(* Let $q$ be a prime power, $t\geq 2$ and $n\geq 1$ integers, and $\sigma=\begin{pmatrix} a & b\\ c & d\end{pmatrix}\in\mathrm{GL}_2(\mathbb{F}_q)$. Suppose that the polynomial $x^{nt}-A\in\mathbb{F}_q[x]$, with $A\neq -d/c$, is irreducible over $\mathbb{F}_q$, and if $t$ is even assume moreover $q\equiv 1\pmod 4$. Then $g_0=P_{\sigma^{-1}}(x^n-A)$ is an irreducible polynomial of degree $n$ with $g_0(\sigma\cdot\infty)\neq 0$, and $g_1=g_0^{R_{\sigma,t}}$ is irreducible.
   Context: For $\sigma=\begin{pmatrix} a & b\\ c & d\end{pmatrix}\in\mathrm{GL}_2(\mathbb{F}_q)$, $\sigma\cdot\infty=a/c$ if $c\neq 0$ and $\sigma\cdot\infty=\infty$ if $c=0$. For $f\in\mathbb{F}_q[x]$ of degree $m$, $P_\sigma(f)(x)=(cx+d)^m f\!\left(\frac{ax+b}{cx+d}\right)$; $\sigma^{-1}$ is the inverse matrix. $S_t(f)(x)=f(x^t)$, and the $R_{\sigma,t}$-transform is $g^{R_{\sigma,t}}=P_{\sigma^{-1}}\circ S_t\circ P_\sigma(g)$ (each $P$ using the degree of its input). *)

From HB Require Import structures.
From mathcomp Require Import all_boot all_order all_algebra all_field.
Set Implicit Arguments. Unset Strict Implicit. Unset Printing Implicit Defensive.
Import GRing.Theory.
Local Open Scope ring_scope.

Definition mxa (F : fieldType) (s : 'M[F]_2) : F := s ord0 ord0.
Definition mxb (F : fieldType) (s : 'M[F]_2) : F := s ord0 ord_max.
Definition mxc (F : fieldType) (s : 'M[F]_2) : F := s ord_max ord0.
Definition mxd (F : fieldType) (s : 'M[F]_2) : F := s ord_max ord_max.

(* P_sigma(f)(x) = (cx+d)^m f((ax+b)/(cx+d)), m = deg f, i.e.
   sum_i f_i (ax+b)^i (cx+d)^(m-i). *)
Definition Ptrans (F : fieldType) (s : 'M[F]_2) (f : {poly F}) : {poly F} :=
  let m := (size f).-1 in
  \sum_(i < size f)
     f`_i *: (('X * (mxa s)%:P + (mxb s)%:P) ^+ i *
              ('X * (mxc s)%:P + (mxd s)%:P) ^+ (m - i)).

Definition Strans (F : fieldType) (t : nat) (f : {poly F}) : {poly F} :=
  f \Po 'X^t.

Definition Rtrans (F : fieldType) (s : 'M[F]_2) (t : nat) (g : {poly F})
  : {poly F} := Ptrans (invmx s) (Strans t (Ptrans s g)).

(* sigma . infinity, as a point of P^1(F) = option F (None = infinity). *)
Definition act_inf (F : fieldType) (s : 'M[F]_2) : option F :=
  if mxc s != 0 then Some (mxa s / mxc s) else None.

(* Vanishing of a polynomial at a point of P^1(F); a polynomial in F[x]
   is never considered to vanish at infinity. *)
Definition proj_root (F : fieldType) (g : {poly F}) (p : option F) : bool :=
  if p is Some x then root g x else false.

(* With its degree fixed to m, P_sigma f is (cx+d)^m f((ax+b)/(cx+d)), an
   identity checked in the fraction field of F[x].  Hence P_sigma is
   multiplicative and P_(sigma^-1) undoes it, so P_sigma maps an irreducible
   polynomial whose degree it preserves to an irreducible polynomial.  As
   P_sigma cancels P_(sigma^-1) on x^n - A, g1 = P_(sigma^-1)(x^(nt) - A), and
   x^n - A is irreducible because x^(nt) - A = (x^n - A)(x^t) is.  It remains
   to see that degrees are preserved: the coefficient of x^m in
   P_(sigma^-1)(x^m - A) is a'^m - A c'^m, and if it vanished then A would be
   the m-th power of a'/c' = sigma^-1 . infinity = -d/c, making x^t - a'/c'
   (for m = n) or x - a'/c' (for m = nt) a proper factor of x^(nt) - A, except
   when m = n = 1, which is the excluded case A = -d/c.  Finally
   g0(a/c) = c^-n because c'a + d'c = 0. *)

From HB Require Import structures.
From mathcomp Require Import all_boot all_order all_algebra all_field.
From mathcomp Require Import ring zify.
Import GRing.Theory.
Set Implicit Arguments. Unset Strict Implicit. Unset Printing Implicit Defensive.
Local Open Scope ring_scope.

Section Mx2.
Variable F : fieldType.
Implicit Types M N : 'M[F]_2.

Lemma mx2_mul_eq1 M N : M *m N = 1%:M ->
  [/\ mxa M * mxa N + mxb M * mxc N = 1, mxa M * mxb N + mxb M * mxd N = 0,
      mxc M * mxa N + mxd M * mxc N = 0 & mxc M * mxb N + mxd M * mxd N = 1].
Proof.
move=> MN1; have e i j := congr1 (fun B : 'M[F]_2 => B i j) MN1.
move: (e ord0 ord0) (e ord0 ord_max) (e ord_max ord0) (e ord_max ord_max).
rewrite !mxE !big_ord_recl !big_ord0 !addr0 /=.
have -> : lift ord0 ord0 = ord_max :> 'I_2 by apply/val_inj.
by move=> -> -> -> ->.
Qed.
_ _ _
• _What the task requires_: Retype only the lines above between the line with "(for m = n)" and the line with "[/\ mxa M * mxa", counting those two lines as well, and keep every character as it is.

• _Written solution_:
   (for m = n) or x - a'/c' (for m = nt) a proper factor of x^(nt) - A, except
   when m = n = 1, which is the excluded case A = -d/c.  Finally
   g0(a/c) = c^-n because c'a + d'c = 0. *)

From HB Require Import structures.
From mathcomp Require Import all_boot all_order all_algebra all_field.
From mathcomp Require Import ring zify.
Import GRing.Theory.
Set Implicit Arguments. Unset Strict Implicit. Unset Printing Implicit Defensive.
Local Open Scope ring_scope.

Section Mx2.
Variable F : fieldType.
Implicit Types M N : 'M[F]_2.

Lemma mx2_mul_eq1 M N : M *m N = 1%:M ->
  [/\ mxa M * mxa N + mxb M * mxc N = 1, mxa M * mxb N + mxb M * mxd N = 0,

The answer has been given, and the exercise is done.